● What the exercise asks: A copy is needed of each line in the records that has the word "exact".

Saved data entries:

·····

Lemma convex_chord a b c : -1 <= a -> a <= b -> b <= c -> c <= 1 ->
  (c - b) * (ell b - ell a) <= (b - a) * (ell c - ell b).
Proof.
move=> a_ge ab bc c_le.
have [eq_ac|neq_ac] := eqVneq a c.
  have -> : b = a by apply/le_anti; rewrite ab andbT eq_ac.
  by rewrite !subrr mulr0 mul0r.
have ac : 0 < c - a by rewrite subr_gt0 lt_neqAle neq_ac (le_trans ab).
set t := (c - b) / (c - a).
have t01 : 0 <= t <= 1.
  apply/andP; split; first by apply: divr_ge0; lra.
  by rewrite ler_pdivrMr //; lra.
have b_mix : t * a + (1 - t) * c = b by rewrite /t; field; rewrite gt_eqF.
have := ell_convex (x := a) (y := c) _ _ t01; rewrite b_mix.
move=> /(_ ltac:(lra) ltac:(lra)) /(ler_wpM2l (ltW ac)) conv.
nra.
Qed.

Lemma secant_slope_le u v s : -1 <= u -> u < v -> v <= 1 ->
  s * (v - u) = ell v - ell u -> `|s| <= L.
Proof.
move=> u_ge uv v_le secant; have duv : 0 < v - u by rewrite subr_gt0.
rewrite -(ler_pM2r duv) -(gtr0_norm duv) -normrM secant.
by apply: ell_lipschitz; lra.
Qed.

Lemma secant_subgradient u v s y : -1 <= u -> u < v -> v <= 1 ->
  s * (v - u) = ell v - ell u -> -1 <= y <= 1 ->
  ell u - ell y <= s * (u - y) + 2 * L * (v - u) /\
  ell v - ell y <= s * (v - y) + 2 * L * (v - u).
Proof.
move=> u_ge uv v_le secant /andP[y_ge y_le].
have duv : 0 < v - u by rewrite subr_gt0.
have err0 : 0 <= 2 * L * (v - u) by have := lipschitz_ge0; nra.
have sv : ell v = s * (v - u) + ell u by rewrite secant subrK.
have [yu|uy] := lerP y u.
  have : ell u - ell y <= s * (u - y).
    rewrite -(ler_pM2l duv); have := convex_chord y_ge yu (ltW uv) v_le.
    by rewrite -secant; nra.
  by rewrite sv; split; nra.
have [vy|yv] := lerP v y.
  have : ell v - ell y <= s * (v - y).
    rewrite -(ler_pM2l duv); have := convex_chord u_ge (ltW uv) vy y_le.
    by rewrite -secant; nra.
  by rewrite sv; split; nra.
have near x : u <= x <= v -> ell x - ell y <= L * (v - u) /\ - L * (v - u) <= s * (x - y).
  move=> /andP[ux xv]; split.
    have := ell_lipschitz (x := x) (y := y) ltac:(lra) ltac:(lra).
    move=> /(le_trans (ler_norm _)) /le_trans; apply.
    by apply: ler_wpM2l; [exact: lipschitz_ge0 | rewrite ler_norml; lra].
  have := secant_slope_le u_ge uv v_le secant.
  rewrite ler_norml => /andP[sL1 sL2]; nra.
have [nu1 nu2] := near u ltac:(lra); have [nv1 nv2] := near v ltac:(lra).
by split; lra.
Qed.

Definition diff_quot (d x : R) : R :=
  if x + d <= 1 then (ell (x + d) - ell x) / d else (ell x - ell (x - d)) / d.

Lemma diff_quot_subgradient d x y : 0 < d <= 1 -> -1 <= x <= 1 -> -1 <= y <= 1 ->
  `|diff_quot d x| <= L /\
  ell x - ell y <= diff_quot d x * (x - y) + 2 * L * d.
Proof.
move=> /andP[d0 d1] /andP[x_ge x_le] hy; rewrite /diff_quot.
have fwd : x + d - x = d by ring.
have bwd : x - (x - d) = d by ring.
case: ifP => [xd|/negbT]; [set s := (ell (x + d) - _) / d | set s := (ell x - _) / d].
  have secant : s * (x + d - x) = ell (x + d) - ell x by rewrite fwd divfK // gt_eqF.
  have u_lt_v : x < x + d by rewrite ltrDl.
  split; first exact: secant_slope_le secant.
  by have [+ _] := secant_subgradient x_ge u_lt_v xd secant hy; rewrite fwd.
rewrite -ltNge => xd.
have secant : s * (x - (x - d)) = ell x - ell (x - d) by rewrite bwd divfK // gt_eqF.
have u_lt_v : x - d < x by rewrite ltrBlDr ltrDl.
have u_ge : -1 <= x - d by lra.
split; first exact: secant_slope_le secant.
by have [_ +] := secant_subgradient u_ge u_lt_v x_le secant hy; rewrite bwd.
Qed.

End ConvexLipschitz.

Section DiscreteLogarithm.
Variable R : realFieldType.

Lemma bounded_floor (K : nat) (x : R) : 0 <= x <= K%:R ->
  exists j : nat, j%:R <= x < j%:R + 1.
Proof.
elim: K x => [|K IH] x /andP[x0 xK].
  by exists 0%N; rewrite add0r; apply/andP; split => //; lra.
have [xK'|Kx] := ltrP x K%:R; first by apply: IH; rewrite x0 ltW.
have [xK1|K1x] := ltrP x (K%:R + 1); first by exists K; rewrite Kx.
by exists K.+1; move: xK; rewrite -!natr1 => xK; apply/andP; split; lra.
Qed.

Lemma bernoulli_le (a : R) (j : nat) : 0 <= a <= 1 -> 1 - j%:R * a <= (1 - a) ^+ j.
Proof.
move=> /andP[a0 a1]; elim: j => [|j IH]; first by rewrite expr0 mul0r subr0.
rewrite exprS -natr1.
have := ler_wpM2l (_ : 0 <= 1 - a) IH; rewrite subr_ge0 => /(_ a1).
by have := ler0n R j; nra.
Qed.

Lemma pow1B_le (a : R) (k : nat) : 0 <= a <= 1 ->
  (1 - a) ^+ k <= 1 - k%:R * a + k%:R * (k%:R - 1) / 2 * a ^+ 2.
Proof.
move=> /andP[a0 a1]; elim: k => [|k IH]; first by rewrite expr0; lra.
rewrite exprS -natr1.
have := ler_wpM2l (_ : 0 <= 1 - a) IH; rewrite subr_ge0 => /(_ a1).
have : 0 <= k%:R * (k%:R - 1) / 2 * a ^+ 3 :> R.
  case: k {IH} => [|k]; first by rewrite !mul0r.
  have k0 := ler0n R k; rewrite -natr1 addrK.
  by apply: mulr_ge0; [apply: divr_ge0 => //; nra | exact: exprn_ge0].
by rewrite !exprS expr0; have := ler0n R k; nra.
Qed.

Variable m : nat.
Hypothesis m_ge4 : (4 <= m)%N.
Local Notation beta := (1 - m%:R^-1 : R).

Let m_invK : m%:R * m%:R^-1 = 1 :> R.
Proof. by rewrite mulfV // pnatr_eq0 -lt0n (leq_trans _ m_ge4). Qed.

Let m_inv01 : 0 < (m%:R^-1 : R) <= 1 / 4.
Proof.
have mR : (4 : R) <= m%:R by rewrite (ler_nat R 4 m).
have a0 : (0 : R) < m%:R^-1 by rewrite invr_gt0; lra.
by rewrite a0 /=; have := m_invK; nra.
Qed.

Lemma dlog_base_ge0 : 0 <= beta.
Proof. by have := m_inv01; lra. Qed.

Lemma dlog_base_lt1 : beta < 1.
Proof. by have := m_inv01; lra. Qed.

Lemma dlog_base_half : beta ^+ m <= 1 / 2.
Proof.
have := m_inv01 => /andP[a0 a1]; have := @pow1B_le m%:R^-1 m ltac:(lra).
have -> : m%:R * (m%:R - 1) / 2 * m%:R^-1 ^+ 2 =
    (m%:R * m%:R^-1) * (m%:R * m%:R^-1 - m%:R^-1) / 2 :> R by ring.
by rewrite m_invK; lra.
Qed.

(* Since ln beta ~ -1/m, these are discrete forms of -y - y^2 <= ln (1 - y) <= -y:
   beta ^+ (m (y + y^2)) <= 1 - y <= beta ^+ (m y), up to rounding. *)
Lemma dlog_base_pow_le (y : R) : 0 <= y <= 1 ->
  exists j : nat, m%:R * y - 1 <= j%:R /\ 1 - y <= beta ^+ j.
Proof.
move=> /andP[y0 y1]; have := m_inv01 => /andP[a0 a1].
have [j /andP[jy yj]] : exists j : nat, j%:R <= m%:R * y < j%:R + 1.
  by apply: (@bounded_floor m); rewrite mulr_ge0 //= ler_piMr.
exists j; split; first lra.
apply: le_trans (bernoulli_le j _); last by lra.
have := ler_wpM2r (ltW a0) jy; rewrite mulrAC m_invK mul1r; lra.
Qed.

Lemma quadratic_lower (y u : R) : 0 <= y <= 1 / 4 -> y + y ^+ 2 <= u <= 1 ->
  y <= u - u ^+ 2 / 2.
Proof.
move=> /andP[y0 y1] /andP[yu u1].
have yy : y ^+ 2 <= 1 / 16 by rewrite expr2; have := ler_pM y0 y0 y1 y1; lra.
have mono : (y + y ^+ 2) - (y + y ^+ 2) ^+ 2 / 2 <= u - u ^+ 2 / 2.
  rewrite -subr_ge0.
  have -> : u - u ^+ 2 / 2 - ((y + y ^+ 2) - (y + y ^+ 2) ^+ 2 / 2)
          = (u - (y + y ^+ 2)) * (1 - (u + (y + y ^+ 2)) / 2) by ring.
  by apply: mulr_ge0; lra.
apply: le_trans mono; rewrite -subr_ge0.
have -> : y + y ^+ 2 - (y + y ^+ 2) ^+ 2 / 2 - y = y ^+ 2 * (1 - (1 + y) ^+ 2 / 2) by ring.
have -> : (1 + y) ^+ 2 = 1 + 2 * y + y ^+ 2 by ring.
by apply: mulr_ge0; [exact: sqr_ge0 | lra].
Qed.

Lemma dlog_base_pow_ge (y : R) : 0 <= y <= 1 / 4 ->
  exists k : nat, k%:R <= m%:R * (y + y ^+ 2) + 1 /\ beta ^+ k <= 1 - y.
Proof.
move=> /andP[y0 y1]; have := m_inv01 => /andP[a0 a1].
have yy : y ^+ 2 <= 1 / 16 by rewrite expr2; have := ler_pM y0 y0 y1 y1; lra.
have yy0 : 0 <= y + y ^+ 2 by rewrite addr_ge0 ?sqr_ge0.
have [j /andP[jy yj]] : exists j : nat, j%:R <= m%:R * (y + y ^+ 2) < j%:R + 1.
  by apply: (@bounded_floor m); rewrite mulr_ge0 //= ler_piMr //; lra.
exists j.+1; rewrite -natr1; split; first lra.
have aK := m_invK; set a := m%:R^-1 in a0 a1 aK *; set k : R := j%:R + 1.
have k0 : 0 <= k by rewrite /k; have := ler0n R j; lra.
have [ka1 ka2] : y + y ^+ 2 <= k * a /\ k * a <= y + y ^+ 2 + a.
  have mva : m%:R * (y + y ^+ 2) * a = y + y ^+ 2 by rewrite mulrAC aK mul1r.
  have := ler_wpM2r (ltW a0) (ltW yj); have := ler_wpM2r (ltW a0) jy.
  by rewrite mva /k mulrDl mul1r; split; lra.
apply: le_trans (pow1B_le _ _) _; first by lra.
rewrite -natr1 -/k.
have := @quadratic_lower y (k * a) ltac:(lra) ltac:(lra).
have : 0 <= k * a ^+ 2 / 2 by apply: divr_ge0 => //; rewrite mulr_ge0 ?sqr_ge0.
have -> : k * (k - 1) / 2 * a ^+ 2 = (k * a) ^+ 2 / 2 - k * a ^+ 2 / 2 by ring.
lra.
Qed.

End DiscreteLogarithm.

Section MultiplicativeWeights.
Variables (R : realFieldType) (I : finType) (lam : R) (g : nat -> I -> R).

Fixpoint mw_weight (t : nat) (i : I) : R :=
  if t is t'.+1 then mw_weight t' i * (1 - lam * g t' i) else 1.
Definition mw_total t := \sum_i mw_weight t i.
Definition mw_prob t i := mw_weight t i / mw_total t.
Definition mw_loss t := \sum_i mw_prob t i * g t i.

Variables (T : nat) (i0 : I).
Hypothesis lam_small : 0 <= lam <= 1 / 4.
Hypothesis g01 : forall t, (t < T)%N -> forall i, 0 <= g t i <= 1.

Lemma mw_weight_pos t i : (t <= T)%N -> 0 < mw_weight t i.
Proof.
elim: t => [|t IH] tT /=; first exact: ltr01.
rewrite mulr_gt0 ?IH 1?ltnW //; have := g01 tT i; move: lam_small.
by move=> /andP[l0 l1] /andP[g0 g1]; have := ler_wpM2l l0 g1; lra.
Qed.

Lemma mw_total_pos t : (t <= T)%N -> 0 < mw_total t.
Proof.
move=> tT; rewrite /mw_total (bigD1 i0) //= ltr_pwDl ?mw_weight_pos //.
by apply: sumr_ge0 => i _; rewrite ltW ?mw_weight_pos.
Qed.

Lemma mw_prob_ge0 t i : (t <= T)%N -> 0 <= mw_prob t i.
Proof. by move=> tT; rewrite divr_ge0 // ltW ?mw_weight_pos ?mw_total_pos. Qed.

Lemma mw_prob_sum t : (t <= T)%N -> \sum_i mw_prob t i = 1.
Proof. by move=> tT; rewrite -mulr_suml divff // gt_eqF ?mw_total_pos. Qed.

Lemma mw_loss_range t : (t < T)%N -> 0 <= mw_loss t <= 1.
Proof.
move=> tT; have tT' := ltnW tT; apply/andP; split.
  by apply: sumr_ge0 => i _; rewrite mulr_ge0 ?mw_prob_ge0 //; case/andP: (g01 tT i).
rewrite -(mw_prob_sum tT'); apply: ler_sum => i _.
by rewrite ler_piMr ?mw_prob_ge0 //; case/andP: (g01 tT i).
Qed.

Lemma mw_totalS t : (t <= T)%N -> mw_total t.+1 = mw_total t * (1 - lam * mw_loss t).
Proof.
move=> tT; have W0 := mw_total_pos tT; rewrite /mw_loss /mw_prob /mw_total /= in W0 *.
rewrite mulrBr mulr1 !mulr_sumr -sumrB; apply: eq_bigr => i _.
by field; rewrite gt_eqF.
Qed.

Variable m : nat.
Hypothesis m_ge4 : (4 <= m)%N.
Local Notation beta := (1 - m%:R^-1 : R).

Lemma mw_total_le t : (t <= T)%N -> exists J : nat,
  m%:R * lam * \sum_(s < t) mw_loss s - t%:R <= J%:R /\
  mw_total t <= #|I|%:R * beta ^+ J.
Proof.
elim: t => [|t IH] tT.
  exists 0%N; rewrite big_ord0 mulr0 sub0r oppr0 expr0 mulr1.
  by split => //; rewrite /mw_total /= sumr_const.
have [J [JS JW]] := IH (ltnW tT).
have [l0 l1] := andP (mw_loss_range tT); move: lam_small => /andP[lam0 lam1].
have y01 : 0 <= lam * mw_loss t <= 1.
  by rewrite mulr_ge0 //=; have := ler_wpM2l lam0 l1; lra.
have [j [jy jb]] := dlog_base_pow_le m_ge4 y01.
exists (J + j)%N; rewrite big_ord_recr /= natrD -natr1 (mw_totalS (ltnW tT)) exprD.
split; first by rewrite mulrDr; set S := \sum_(s < t) _ in JS *; lra.
rewrite mulrA; apply: ler_pM => //; last by lra.
by rewrite ltW // mw_total_pos // ltnW.
Qed.

Lemma mw_weight_ge i t : (t <= T)%N -> exists K : nat,
  K%:R <= m%:R * lam * \sum_(s < t) g s i + m%:R * lam ^+ 2 * t%:R + t%:R /\
  beta ^+ K <= mw_weight t i.
Proof.
elim: t => [|t IH] tT.
  by exists 0%N; rewrite big_ord0 !mulr0 !addr0 expr0.
have [K [KS Kw]] := IH (ltnW tT).
have [g0 g1] := andP (g01 tT i); move: lam_small => /andP[lam0 lam1].
have y01 : 0 <= lam * g t i <= 1 / 4.
  by rewrite mulr_ge0 //=; have := ler_wpM2l lam0 g1; lra.
have [k [ky kb]] := dlog_base_pow_ge m_ge4 y01.
have sq : (lam * g t i) ^+ 2 <= lam ^+ 2.
  by rewrite exprMn ler_piMr ?sqr_ge0 // expr_le1.
exists (K + k)%N; rewrite big_ord_recr /= natrD -natr1 exprD.
split; first by have := ler_wpM2l (ler0n R m) sq; lra.
by rewrite ler_pM // exprn_ge0 // dlog_base_ge0.
Qed.

Lemma mw_regret (r : nat) (i : I) : #|I|%:R * beta ^+ r <= 1 ->
  m%:R * lam * \sum_(t < T) mw_loss t <=
  m%:R * lam * \sum_(t < T) g t i + m%:R * lam ^+ 2 * T%:R + 2 * T%:R + r%:R.
Proof.
move=> Nr; have [J [JS JW]] := mw_total_le (leqnn T).
have [K [KS Kw]] := mw_weight_ge i (leqnn T).
have b0 := dlog_base_ge0 R m_ge4; have b1 := dlog_base_lt1 R m_ge4.
have b0' : 0 < beta.
  have mR : (4 : R) <= m%:R by rewrite (ler_nat R 4 m).
  by rewrite subr_gt0 invf_lt1 //; lra.
have wW : mw_weight T i <= mw_total T.
  rewrite /mw_total (bigD1 i) //= lerDl.
  by apply: sumr_ge0 => j _; rewrite ltW ?mw_weight_pos.
have JKr : (J <= K + r)%N.
  rewrite -(ler_iXn2l b0' b1) exprD.
  have := ler_wpM2r (exprn_ge0 r b0) (le_trans Kw (le_trans wW JW)).
  move/le_trans; apply; rewrite mulrAC -[X in _ <= X]mul1r.
  by rewrite ler_wpM2r ?exprn_ge0.
have : (J%:R : R) <= K%:R + r%:R by rewrite -natrD ler_nat.
lra.
Qed.

Lemma mw_regret_mixed (r : nat) (p : I -> R) :
  (forall i, 0 <= p i) -> \sum_i p i = 1 -> #|I|%:R * beta ^+ r <= 1 ->
  m%:R * lam * \sum_(t < T) mw_loss t <=
  m%:R * lam * \sum_(t < T) \sum_i p i * g t i
  + (m%:R * lam ^+ 2 * T%:R + 2 * T%:R + r%:R).
Proof.
move=> p0 p1 Nr; set c := _ + r%:R.
have -> : m%:R * lam * \sum_(t < T) mw_loss t =
    \sum_i p i * (m%:R * lam * \sum_(t < T) mw_loss t) by rewrite -mulr_suml p1 mul1r.
have -> : m%:R * lam * \sum_(t < T) \sum_i p i * g t i + c =
    \sum_i p i * (m%:R * lam * \sum_(t < T) g t i + c).
  rewrite exchange_big /= mulr_sumr {1}(_ : c = \sum_i p i * c); last first.
    by rewrite -mulr_suml p1 mul1r.
  rewrite -big_split /=; apply: eq_bigr => i _.
  by rewrite -mulr_sumr; ring.
apply: ler_sum => i _; apply: ler_wpM2l => //.
by have := mw_regret i Nr; rewrite /c; lra.
Qed.

End MultiplicativeWeights.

·····

● Response:
    by apply: ler_wpM2l; [exact: lipschitz_ge0 | rewrite ler_norml; lra].
  split; first exact: secant_slope_le secant.
split; first exact: secant_slope_le secant.
  by apply: mulr_ge0; [apply: divr_ge0 => //; nra | exact: exprn_ge0].
by apply: mulr_ge0; [exact: sqr_ge0 | lra].
elim: t => [|t IH] tT /=; first exact: ltr01.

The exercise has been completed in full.